In other tests, the team
chemically mixed pH-sensing molecules into the layer of hydrogel lining one
side of the elastomer layer, and green food dye into the opposite hydrogel
layer. They once again placed the entire structure into the two-chamber tank and
filled both sides with dioinized water.
As the researchers changed the
acidity of the tank's water, they observed that the parts of the hydrogel
containing pH indicators lit up. Meanwhile, the green dye seeped slowly from
the opposite hydrogel layer into the second tank, mimicking the action of drug
molecules.
"We can put pH-sensing
molecules in hydrogels, or drugs that are gradually released," Parada
says. "For different applications, we can modify the gel to accommodate
that application."
Tying knots
As a first foray into possible
applications for hydrogel laminates, the researchers used their previously
developed techniques to coat hydrogel onto various elastomer devices, including
silicone tubing, a Foley catheter, and a condom. "Our first major focus
was catheters, because they are rigid and not very comfortable, and infection
of catheters can cause around 50 percent of readmissions to hospitals,"

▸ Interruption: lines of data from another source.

Lemma exists_min_cover (A : set Omega) : exists B,
  [/\ G B, P.-negligible (A `\` B) &
      forall C, G C -> P.-negligible (A `\` C) -> (P B <= P C)%E].
Proof.
pose covers := [set B | G B /\ P.-negligible (A `\` B)].
pose m := ereal_inf (P @` covers).
have m_le1 : (m <= 1)%E.
  rewrite -(probability_setT P); apply: ereal_inf_lbound; exists setT => //.
  split; [rewrite G_measurable //|rewrite setDT; exact: negligible_set0].
have m_fin : m \is a fin_num.
  rewrite ge0_fin_numE ?(le_lt_trans m_le1) ?ltry //.
  by apply/ereal_infP => _ [B _ <-].
have /choice[Bn Bn_min] : forall n : nat, exists B, covers B /\ (P B < m + (n.+1%:R^-1)%:E)%E.
  move=> n; have e0 : 0 < n.+1%:R^-1 :> R by rewrite invr_gt0.
  by have [_ [B coverB <-] PB] := lb_ereal_inf_adherent e0 m_fin; exists B.
have GB : G (\bigcap_n Bn n).
  rewrite G_measurable; apply: bigcapT_measurable => n; rewrite -G_measurable.
  by case: (Bn_min n) => -[].
exists (\bigcap_n Bn n); split => //.
- apply: (@negligibleS _ _ _ _ (\bigcup_n (A `\` Bn n))).
    by move=> w [Aw /existsNP[n /not_implyP[_ Bnw]]]; exists n.
  by apply: negligible_bigcup => n; case: (Bn_min n) => -[].
- move=> C GC AC; apply: (@le_trans _ _ m); last by apply: ereal_inf_lbound; exists C.
  apply/lee_addgt0Pr => e e0; have [k ke] := @ltr_add_invr R 0 e e0.
  rewrite add0r in ke; apply: (@le_trans _ _ (P (Bn k))).
    by apply: le_measure; rewrite ?inE; [exact: GM|apply: GM; case: (Bn_min k) => -[]|
      move=> w; apply].
  by apply/ltW/(lt_le_trans (proj2 (Bn_min k))); rewrite leeD2l // lee_fin ltW.
Qed.

Lemma exists_cond_hull (A : set Omega) : exists B, is_cond_hull A B.
Proof.
have [B [GB AB Bmin]] := exists_min_cover A; exists B; split => // C GC AC.
have GBC : G (B `&` C) by rewrite G_measurable; apply: measurableI; rewrite -G_measurable.
have mB := GM GB; have mC := GM GC.
apply/negligibleP; first exact: measurableD.
apply/eqP; rewrite eq_le measure_ge0 andbT measureD //; last first.
  by rewrite (le_lt_trans (probability_le1 P mB)) ?ltry.
rewrite sube_le0 Bmin //.
by apply: (@negligibleS _ _ _ _ ((A `\` B) `|` (A `\` C))) => [w [Aw /not_andP[]]|];
  [left|right|exact: negligibleU].
Qed.

(* Y = inf_n (+oo on the hull of {q_n < X}, q_n elsewhere), q_n enumerating the rationals *)
Lemma exists_cond_ess_sup (X : Omega -> R) : Gmeas measurable X ->
  exists Y, is_cond_ess_sup P G X Y.
Proof.
move=> mX; pose q n : rat := odflt 0 (unpickle n).
pose A n := X @^-1` `]ratr (q n), +oo[.
have /choice[B hullB] := fun n => exists_cond_hull (A n).
pose h n w : \bar R := if w \in B n then +oo%E else (ratr (q n))%:E.
pose Y w := einfs (fun n => h n w) 0.
have Y_le w n : (Y w <= h n w)%E by apply: ereal_inf_lbound; exists n.
exists Y; split; [|split].
- apply/(GmeasP sG)/measurable_fun_einfs => n.
  apply: measurable_fun_ifT; rewrite ?measurable_cst //.
  by apply: measurable_fun_mem; rewrite -G_measurable; case: (hullB n).
- apply: (@negligibleS _ _ _ _ (\bigcup_n (A n `\` B n))).
    move=> w /= /negP; rewrite -ltNge => /ereal_inf_lt[_ [n _ <-]].
    rewrite /h; case: ifPn => [_|/negP Bnw].
      by rewrite ltNge leey.
    rewrite lte_fin => qX; exists n => //; split; first by rewrite /A /= in_itv /= qX.
    by apply: contra_not Bnw => /mem_set.
  by apply: negligible_bigcup => n; case: (hullB n).
- move=> Z GZ XZ; pose C n := Z @^-1` `](ratr (q n))%:E, +oo[%classic.
  have BC n : P.-negligible (B n `\` C n).
    have [_ _ Bmin] := hullB n; apply: Bmin; first by apply: GZ; exact: emeasurable_itv.
    apply: negligibleS XZ => w []; rewrite /A /C /= !in_itv /= !andbT => qX qZ XZw.
    by apply: qZ; apply: lt_le_trans XZw; rewrite lte_fin.
  apply: (@negligibleS _ _ _ _ (\bigcup_n (B n `\` C n))); last exact: negligible_bigcup.
  move=> w /= /negP; rewrite -ltNge => /ratr_between[r /andP[Zr rY]].
  exists (pickle r) => //; rewrite /C /= /q pickleK /= in_itv /= andbT; split.
    have := lt_le_trans rY (Y_le w (pickle r)); rewrite /h /q pickleK /=.
    by case: ifP => [/set_mem //|]; rewrite ltxx.
  by rewrite ltNge (ltW Zr).
Qed.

Parada says. "We also thought we could apply this to condoms, because
existing latex condoms cause lots of sensitivities and allergies, and if you
can put drugs in the gel, you could have better protection."
Even after sharply bending and
folding the coated tubing into a knot, the researchers found the hydrogel
coating remained strongly bonded to the tubing without causing any tears. The
same was true when the researchers inflated both the coated catheter and the
coated condom.
Parada says the dimensions of
a hydrogel laminate may be tuned to accommodate different devices. For
instance, scientists can choose a thicker elastomer to increase a laminate's
rigidity, or use a thicker coating of hydrogel to incorporate more drug
molecules or sensors. Hydrogels can also be designed to be more or less
slippery, depending on the amount of friction desired.
"We have the capability
to fabricate large-scale hydrogel structures that can coat medical devices, and
the hydrogel won't agitate the body," Zhao says. "This is a
technological platform onto which you can imagine many applications."
This research was funded, in part,
by the Office of Naval Research, the MIT Institute for Soldier
Nanotechnologies, and the National Science Foundation (NSF).
Article: Impermeable Robust
Hydrogels via Hybrid Lamination, German A. Parada, Hyunwoo Yuk, Xinyue Liu,
Alex J. Hsieh, Xuanhe Zhao, Advanced Healthcare Materials, doi:
10.1002/adhm.201700520, published online 17 July 2017.